IPA: Building AI-Driven Kubernetes Autoscaler
-Shafin Hasnat
Feb 18, 2025
Before We Begin
Generative AI is rapidly evolving, improving its reasoning and problem-solving capabilities. Logs generated by Kubernetes applications contain valuable insights for intelligent scaling decisions. Instead of relying on predefined thresholds, AI can analyze logs, reason through the data, and suggest scaling recommendations.

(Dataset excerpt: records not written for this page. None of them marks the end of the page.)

(* Let $\mathcal F \subset \binom{[n]}{k}$ be initial and let $q$ be a positive integer with $q < n$. Let $P \subset R \subset [q]$ with $|R| \leq k$. For $S \subset [q]$ write $\mathcal F_S = \{F \setminus S : F \in \mathcal F,\ F \cap [q] = S\}$ (a family of $(k-|S|)$-subsets of $[q+1,n]$). Then $$\frac{|\mathcal F_P|}{\binom{n-q}{k-|P|}} \leq \frac{|\mathcal F_R|}{\binom{n-q}{k-|R|}}.$$
   Context: For $k$-sets $A=\{x_1<\dots<x_k\}$, $B=\{y_1<\dots<y_k\}$, $A\prec B$ means $x_i\le y_i$ for all $i$. A family $\mathcal F\subset\binom{[n]}{k}$ is initial if $A\prec B\in\mathcal F$ implies $A\in\mathcal F$. $[q+1,n]=\{q+1,\dots,n\}$. *)

From mathcomp Require Import all_boot all_order all_algebra.
Set Implicit Arguments. Unset Strict Implicit. Unset Printing Implicit Defensive.

(* Convention: the ground set [n] = {1,...,n} is modelled by 'I_n, the element
   i : 'I_n standing for i+1.  This is order preserving, so [q] = {1..q}
   corresponds to {i : 'I_n | i < q}. *)

Definition sorted_elems n (A : {set 'I_n}) : seq nat :=
  sort leq (map val (enum A)).

Definition shift_le n (A B : {set 'I_n}) : bool :=
  (#|A| == #|B|) && all2 leq (sorted_elems A) (sorted_elems B).

Definition initial n k (F : {set {set 'I_n}}) : Prop :=
  forall A B : {set 'I_n}, #|A| = k -> #|B| = k ->
    shift_le A B -> B \in F -> A \in F.

Definition initseg n q : {set 'I_n} := [set i : 'I_n | val i < q].

Definition trace_fam n q (F : {set {set 'I_n}}) (S : {set 'I_n}) : {set {set 'I_n}} :=
  [set G :\: S | G in [set G in F | G :&: initseg n q == S]].

From mathcomp Require Import all_boot all_order all_algebra.
Import Order.TTheory GRing.Theory Num.Theory.
Set Implicit Arguments. Unset Strict Implicit. Unset Printing Implicit Defensive.

(* Write  F_S  for the trace family of S, a family of (k - |S|)-subsets of
   [q+1,n], and  r(S) = |F_S| / C(n-q, k-|S|).  Since P ⊆ R can be joined by
   a chain of one-point extensions inside R, it suffices to show
   r(S) <= r(S ∪ {x}) for x ∈ [q] \ S with |S| < k.

   This one-step inequality is a double count of the pairs (G, H) with
   G ∈ F_S, H ∈ F_{S∪{x}} and H ⊆ G, with j = k - |S|:
   - every G ∈ F_S yields the j sets G \ {y} in F_{S∪{x}}: this is where
     initiality enters, since trading y > q for the smaller x ∈ [q] gives a
     set that precedes the original one in the shift order;
   - every H ∈ F_{S∪{x}} lies in at most (n-q) - (j-1) sets G ⊆ [q+1,n]
     with |G| = |H| + 1.
   Hence |F_S| j <= |F_{S∪{x}}| (n-q-j+1), which is r(S) <= r(S ∪ {x}) by
   the identity j C(m,j) = (m-j+1) C(m,j-1). *)

Local Open Scope nat_scope.

Section SortedShift.

Lemma all2_leq_refl (s : seq nat) : all2 leq s s.
Proof. by elim: s => //= a s ->; rewrite leqnn. Qed.

Lemma sort_cons_min (a : nat) (t : seq nat) :
  all (leq a) t -> sort leq (a :: t) = a :: sort leq t.
Proof.
move=> a_min; apply: (sorted_eq leq_trans anti_leq).
- exact: sort_sorted leq_total _.
- rewrite /= path_min_sorted; first exact: (sort_sorted leq_total).
  by rewrite all_sort.
- by rewrite perm_sort perm_cons perm_sym perm_sort.
Qed.

Lemma all2_leq_lower_head (h y : nat) (u : seq nat) :
  sorted leq u -> all (leq h) u -> y \in u -> all2 leq (h :: rem y u) u.
Proof.
elim: u h => [//|u0 u IH] h /= u_sorted /andP[hu0 h_min] yu.
rewrite hu0 /=; case: (u0 =P y) => [_|/eqP u0y]; first exact: all2_leq_refl.
rewrite in_cons eq_sym (negbTE u0y) /= in yu.
apply: IH => //; first exact: (path_sorted u_sorted).
exact: order_path_min leq_trans u_sorted.
Qed.

Lemma all2_leq_swap_smaller (x y : nat) (s : seq nat) :
  sorted leq s -> uniq s -> y \in s -> x < y -> x \notin s ->
  all2 leq (sort leq (x :: rem y s)) s.
Proof.
elim: s => [//|h s IH] s_sorted /= /andP[_ s_uniq] ys xy.
rewrite in_cons negb_or => /andP[xh xs].
have h_min := order_path_min leq_trans s_sorted.
have tail_sorted := path_sorted s_sorted.
case: eqP => [hy|/eqP hy].
  rewrite sort_cons_min; last first.
    by apply/allP=> z /(allP h_min); apply: leq_trans; rewrite hy ltnW.
  by rewrite (sorted_sort leq_trans tail_sorted) /= hy (ltnW xy) all2_leq_refl.
rewrite in_cons eq_sym (negbTE hy) /= in ys.
have rem_sorted : sorted leq (rem y s).
  exact: (@subseq_sorted _ leq leq_trans _ _ (rem_subseq y s)) tail_sorted.
have h_min_rem : all (leq h) (rem y s).
  by apply/allP=> z /mem_rem /(allP h_min).
case: (ltngtP x h) => [xlh|hlx|xeh]; last by rewrite xeh eqxx in xh.
- rewrite sort_cons_min; last first.
    apply/allP=> z; rewrite in_cons => /orP[/eqP->|/(allP h_min_rem)];
      [exact: ltnW | exact: leq_trans (ltnW xlh)].
  rewrite sort_cons_min // (sorted_sort leq_trans rem_sorted) /= (ltnW xlh).
  exact: all2_leq_lower_head.
- have -> : sort leq [:: x, h & rem y s] = sort leq [:: h, x & rem y s].
    apply/perm_sortP; [exact: leq_total|exact: leq_trans|exact: anti_leq|].
    by apply/permP => p /=; rewrite addnCA.
  rewrite sort_cons_min; last by rewrite /= (ltnW hlx).
  by rewrite /= leqnn IH.
Qed.

Lemma mem_val_enum n (X : {set 'I_n}) (v : nat) :
  (v \in map val (enum X)) = (if insub v is Some i then i \in X else false).
Proof.
case: insubP => [i _ <-|]; first by rewrite (mem_map val_inj) mem_enum.
rewrite -leqNgt => nv; apply/negbTE/mapP => [[i _ iv]].
by move: (ltn_ord i); rewrite -iv ltnNge nv.
Qed.

Lemma shift_le_swap n (B : {set 'I_n}) (x y : 'I_n) :
  y \in B -> x \notin B -> val x < val y -> shift_le (x |: (B :\ y)) B.
Proof.
move=> yB xB xy; apply/andP; split.
  by rewrite cardsU1 (cardsD1 y B) yB in_setD1 (negbTE xB) andbF.
set s := sorted_elems B.
have s_uniq : uniq s by rewrite sort_uniq (map_inj_uniq val_inj) enum_uniq.
have s_sorted : sorted leq s by apply: sort_sorted; exact: leq_total.
have mem_s v : (v \in s) = (v \in map val (enum B)) by rewrite mem_sort.
have xs : val x \notin s by rewrite mem_s (mem_map val_inj) mem_enum.
have ys : val y \in s by rewrite mem_s (mem_map val_inj) mem_enum.
have -> : sorted_elems (x |: (B :\ y)) = sort leq (val x :: rem (val y) s).
  apply/perm_sortP; [exact: leq_total|exact: leq_trans|exact: anti_leq|].
  apply: uniq_perm.
  - by rewrite (map_inj_uniq val_inj) enum_uniq.
  - by rewrite /= rem_uniq // andbT; apply: contra xs; exact: mem_rem.
  - move=> v; rewrite in_cons (mem_rem_uniq _ s_uniq) inE mem_s !mem_val_enum.
    case: insubP => [i _ <-|]; first by rewrite !inE.
    rewrite -leqNgt => nv; rewrite andbF orbF; apply/esym/eqP => xv.
    by move: (ltn_ord x); rewrite -xv ltnNge nv.
exact: all2_leq_swap_smaller.
Qed.

End SortedShift.

Section Counting.

Lemma double_count (T U : finType) (A : {set T}) (B : {set U})
    (r : T -> U -> bool) (c d : nat) :
  (forall a, a \in A -> c <= #|[set b in B | r a b]|) ->
  (forall b, b \in B -> #|[set a in A | r a b]| <= d) ->
  #|A| * c <= #|B| * d.
Proof.
move=> degA degB.
have edges_from a : #|[set b in B | r a b]| = \sum_(b in B) r a b.
  rewrite -sum1dep_card big_mkcondr /=.
  by apply: eq_bigr => b _; case: (r a b).
have edges_to b : #|[set a in A | r a b]| = \sum_(a in A) r a b.
  rewrite -sum1dep_card big_mkcondr /=.
  by apply: eq_bigr => a _; case: (r a b).
rewrite -!sum_nat_const.
apply: (@leq_trans (\sum_(a in A) \sum_(b in B) r a b)).
  by apply: leq_sum => a aA; rewrite -edges_from degA.
rewrite exchange_big /=; apply: leq_sum => b bB.
by rewrite -edges_to degB.
Qed.

(* The sets G with H ⊆ G ⊆ U and |G| = |H| + 1 are of the form H ∪ {y}
   with y ∈ U \ H, so there are at most |U \ H| of them. *)
Lemma card_one_point_extensions (T : finType) (U H : {set T})
    (Z : {set {set T}}) :
  (forall G, G \in Z -> [/\ H \subset G, G \subset U & #|G| = #|H|.+1]) ->
  #|Z| <= #|U :\: H|.
Proof.
move=> Z_ext; apply: leq_trans (leq_imset_card (fun y => y |: H) _).
apply: subset_leq_card; apply/subsetP => G /Z_ext [HG GU cardG].
have /cards1P [y Gy] : #|G :\: H| == 1.
  by rewrite (cardsDS HG) cardG subSnn.
have yGH : y \in G :\: H by rewrite Gy set11.
apply/imsetP; exists y.
  by move: yGH; rewrite !inE => /andP[-> /(subsetP GU)].
by rewrite -{1}(setID G H) (setIidPr HG) Gy setUC.
Qed.

Lemma card_one_point_deletions (T : finType) (G : {set T}) :
  #|[set G :\ y | y in G]| = #|G|.
Proof.
apply: card_in_imset => y z yG _ Gyz; apply/eqP; apply: contraT => yz.
have : y \in G :\ z by rewrite !inE yz yG.
by rewrite -Gyz !inE eqxx.
Qed.

End Counting.

Lemma card_initseg n q : q <= n -> #|initseg n q| = q.
Proof.
move=> qn.
have -> : initseg n q = [set widen_ord qn i | i in 'I_q].
  apply/setP=> z; rewrite inE; apply/idP/imsetP => [zq|[i _ ->]] /=.
    by exists (Ordinal zq) => //; apply: val_inj.
  exact: ltn_ord.
by rewrite card_imset ?card_ord // => a b /(congr1 val) /= ab; apply: val_inj.
Qed.

Lemma card_initsegC n q : q <= n -> #|~: initseg n q| = n - q.
Proof.
move=> qn; apply/eqP; rewrite -(eqn_add2l q) subnKC //.
by rewrite -{1}(card_initseg qn) cardsC card_ord.
Qed.

Section TraceFamilies.

Variables (n k q : nat) (F : {set {set 'I_n}}).
Hypothesis F_uniform : forall G, G \in F -> #|G| = k.
Hypothesis F_initial : initial k F.

Local Notation Q := (initseg n q).
Local Notation trace := (trace_fam q F).

Lemma traceP (S H : {set 'I_n}) :
  reflect (exists2 G, G \in F & G :&: Q = S /\ H = G :\: S) (H \in trace S).
Proof.
apply: (iffP imsetP) => [[G]|[G GF [GQ ->]]].
  by rewrite inE => /andP[GF /eqP GQ] ->; exists G.
by exists G => //; rewrite inE GF GQ eqxx.
Qed.

Lemma trace_shape (S H : {set 'I_n}) :
  H \in trace S -> H \subset ~: Q /\ #|H| = k - #|S|.
Proof.
case/traceP => G GF [GQ ->]; split.
  apply/subsetP=> z; rewrite !inE -GQ => /andP[zS zG].
  by apply: contra zS => zQ; rewrite !inE zG zQ.
by rewrite cardsD F_uniform // -GQ setIA setIid.
Qed.

(* Initiality: deleting any y from H ∈ F_S gives a member of F_{S∪{x}},
   because the underlying set trades y > q for x <= q. *)
Lemma trace_delete (S H : {set 'I_n}) (x y : 'I_n) :
  x \in Q -> x \notin S -> H \in trace S -> y \in H ->
  H :\ y \in trace (x |: S).
Proof.
move=> xQ xS HS yH.
have yQ : y \notin Q by have := subsetP (trace_shape HS).1 y yH; rewrite inE.
have [xq yq] : val x < q /\ q <= val y by move: xQ yQ; rewrite !inE -leqNgt.
have xy : val x < val y := leq_trans xq yq.
case/traceP: HS yH => G GF [GQ ->] yGS.
have yG : y \in G by move: yGS; rewrite inE => /andP[].
have xG : x \notin G by apply: contra xS => xG; rewrite -GQ inE xG.
apply/traceP; exists (x |: (G :\ y)); last split.
- apply: (F_initial _ (F_uniform GF) (shift_le_swap yG xG xy) GF).
  by rewrite cardsU1 in_setD1 (negbTE xG) andbF -(F_uniform GF) (cardsD1 y G) yG.
- apply/setP=> z; rewrite !inE -GQ !inE.
  case: (z =P x) => [->|_] //=.
  by case: (z =P y) => [->|_] //=; rewrite ltnNge yq andbF.
- apply/setP=> z; rewrite !inE.
  by case: (z =P x) => [->|_] /=; [rewrite (negbTE xG) !andbF | rewrite andbCA].
Qed.

Lemma trace_down_degree (S G : {set 'I_n}) (x : 'I_n) :
  x \in Q -> x \notin S -> G \in trace S ->
  k - #|S| <= #|[set H in trace (x |: S) | H \subset G]|.
Proof.
move=> xQ xS GS; rewrite -(trace_shape GS).2 -card_one_point_deletions.
apply: subset_leq_card; apply/subsetP => _ /imsetP [y yG ->].
by rewrite inE (trace_delete xQ xS GS yG) subD1set.
Qed.

Lemma trace_up_degree (S H : {set 'I_n}) (x : 'I_n) :
  q <= n -> x \notin S -> #|S| < k -> H \in trace (x |: S) ->
  #|[set G in trace S | H \subset G]| <= (n - q) - (k - #|S|).-1.
Proof.
move=> qn xS Sk HxS; have [HQ cardH] := trace_shape HxS.
rewrite cardsU1 xS add1n subnS in cardH.
rewrite -cardH -(card_initsegC qn) -(cardsDS HQ).
apply: card_one_point_extensions => G; rewrite inE => /andP[GS HG].
have [GQ cardG] := trace_shape GS.
by split=> //; rewrite cardG cardH prednK // subn_gt0.
Qed.

Lemma trace_card_step (S : {set 'I_n}) (x : 'I_n) :
  q <= n -> x \in Q -> x \notin S -> #|S| < k ->
  #|trace S| * (k - #|S|) <= #|trace (x |: S)| * ((n - q) - (k - #|S|).-1).
Proof.
move=> qn xQ xS Sk.
apply: (double_count (r := fun G H : {set 'I_n} => H \subset G)) => [G GS | H HxS].
- exact: trace_down_degree.
- exact: trace_up_degree qn xS Sk HxS.
Qed.

End TraceFamilies.

(* The counting inequality a j <= b (m-j+1) is the comparison of the
   normalized ratios a / C(m,j) and b / C(m,j-1), by j C(m,j) = (m-j+1) C(m,j-1). *)
Lemma binomial_ratio_step (K : numFieldType) (a b m j : nat) :
  0 < j -> a * j <= b * (m - j.-1) ->
  (a%:R / ('C(m, j))%:R <= b%:R / ('C(m, j.-1))%:R :> K)%R.
Proof.
case: j => // j _ /= count_ineq.
have [->|binS_gt0] := posnP 'C(m, j.+1).
  by rewrite invr0 mulr0 divr_ge0 // ler0n.
have bin_gt0 : 0 < 'C(m, j) by move: binS_gt0; rewrite !bin_gt0; exact: ltnW.
rewrite ler_pdivrMr ?ltr0n // mulrAC ler_pdivlMr ?ltr0n // -!natrM ler_nat.
rewrite -(leq_pmul2l (ltn0Sn j)) mulnA mulnCA mul_bin_left mulnCA.
by rewrite (mulnC j.+1 a) mulnA (mulnC (m - j) b) leq_mul2r count_ineq orbT.
Qed.

Lemma subset_chain_le (d : Order.disp_t) (O : porderType d) (T : finType)
    (R : {set T}) (f : {set T} -> O) :
  (forall (S : {set T}) (x : T), S \subset R -> x \in R :\: S ->
     (f S <= f (x |: S))%O) ->
  forall P : {set T}, P \subset R -> (f P <= f R)%O.
Proof.
move=> f_step P PR; move cardRP: #|R :\: P| => m.
elim: m P PR cardRP => [|m IH] P PR cardRP.
  suff -> : P = R by [].
  by apply/eqP; rewrite eqEsubset PR -setD_eq0 -cards_eq0 cardRP.
have [x xRP] : exists x, x \in R :\: P by apply/set0Pn; rewrite -card_gt0 cardRP.
apply: le_trans (f_step _ _ PR xRP) (IH _ _ _).
- by move: xRP; rewrite inE subUset sub1set PR andbT => /andP[].
- have -> : R :\: (x |: P) = (R :\: P) :\ x.
    by apply/setP => z; rewrite !inE negb_or andbA.
  by move: cardRP; rewrite (cardsD1 x) xRP add1n => -[].
Qed.

Local Open Scope ring_scope.

Theorem lemma2p5 (n k q : nat) (F : {set {set 'I_n}})
  (P R : {set 'I_n}) :
  (forall G, G \in F -> #|G| = k) ->
  initial k F ->
  (0 < q)%N -> (q < n)%N ->
  P \subset R -> R \subset initseg n q -> (#|R| <= k)%N ->
  (#|trace_fam q F P|%:R / ('C(n - q, k - #|P|))%:R : rat)
    <= #|trace_fam q F R|%:R / ('C(n - q, k - #|R|))%:R.
Proof.
move=> F_uniform F_initial _ /ltnW qn PR RQ Rk.
pose ratio S := (#|trace_fam q F S|%:R / ('C(n - q, k - #|S|))%:R : rat).
apply: (@subset_chain_le _ _ _ R ratio) PR => S x SR xRS.
move: xRS; rewrite inE => /andP[xS xR].
have xSR : x |: S \subset R by rewrite subUset sub1set xR SR.
have Sk : (#|S| < k)%N.
  by have := leq_trans (subset_leq_card xSR) Rk; rewrite cardsU1 xS.
rewrite /ratio cardsU1 xS add1n subnS.
apply: binomial_ratio_step; first by rewrite subn_gt0.
exact: trace_card_step (subsetP RQ x xR) xS Sk.
Qed.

This is where IPA (Intelligent Pod Autoscaler) comes in – a Kubernetes autoscaler powered by LLM-based AI. Unlike Kubernetes’ native HPA (Horizontal Pod Autoscaler) and VPA (Vertical Pod Autoscaler), which depend on manually set threshold values, IPA takes a more dynamic approach. Defining thresholds can be tricky, especially with limited understanding of traffic patterns. IPA eliminates this guesswork by externally analyzing metrics and logs, then intelligently suggesting both horizontal and vertical scaling strategies for running pods.
Introduction
The Intelligent Pod Autoscaler (IPA) is a Kubernetes operator designed to transform how applications scale in containerized environments. By combining real-time metrics from Prometheus with the analytical power of Large Language Models (LLMs), IPA introduces a smarter, more adaptive approach to scaling.
Traditional autoscalers rely on static, threshold-based rules, often leading to inefficiencies – either over-provisioning resources or failing to scale in time to meet demand. IPA eliminates these limitations by leveraging AI to analyze complex metric patterns, predict workload trends, and intelligently adjust both horizontal and vertical scaling.
Seamlessly integrating into Kubernetes clusters, IPA collects cluster-wide and application-specific metrics, feeding them into an LLM that detects subtle correlations and trends. This enables dynamic scaling recommendations that proactively adjust to workload fluctuations – whether it’s ensuring stability during traffic spikes or optimizing costs during low-demand periods.
For DevOps teams, IPA is a game-changer, delivering greater operational efficiency, enhanced application performance, and smarter resource utilization – keeping your applications always right-sized, at the right time.
Architecture and Workflow
The Intelligent Pod Autoscaler (IPA) operates as a Custom Resource Definition (CRD) in Kubernetes, enabling users to define IPA custom resources that specify deployment details for applications running in the cluster. It is possible to scale multiple target deployments with a single IPA custom resource.
Key Components of IPA Architecture:
- IPA Controller: The controller continuously collects application-specific and cluster-wide metrics from Prometheus. These metrics include CPU and memory utilization, network request rates, and overall cluster resource usage. Every minute, the controller triggers a reconciliation process, packaging this data into a POST request and sending it to the IPA Agent for analysis.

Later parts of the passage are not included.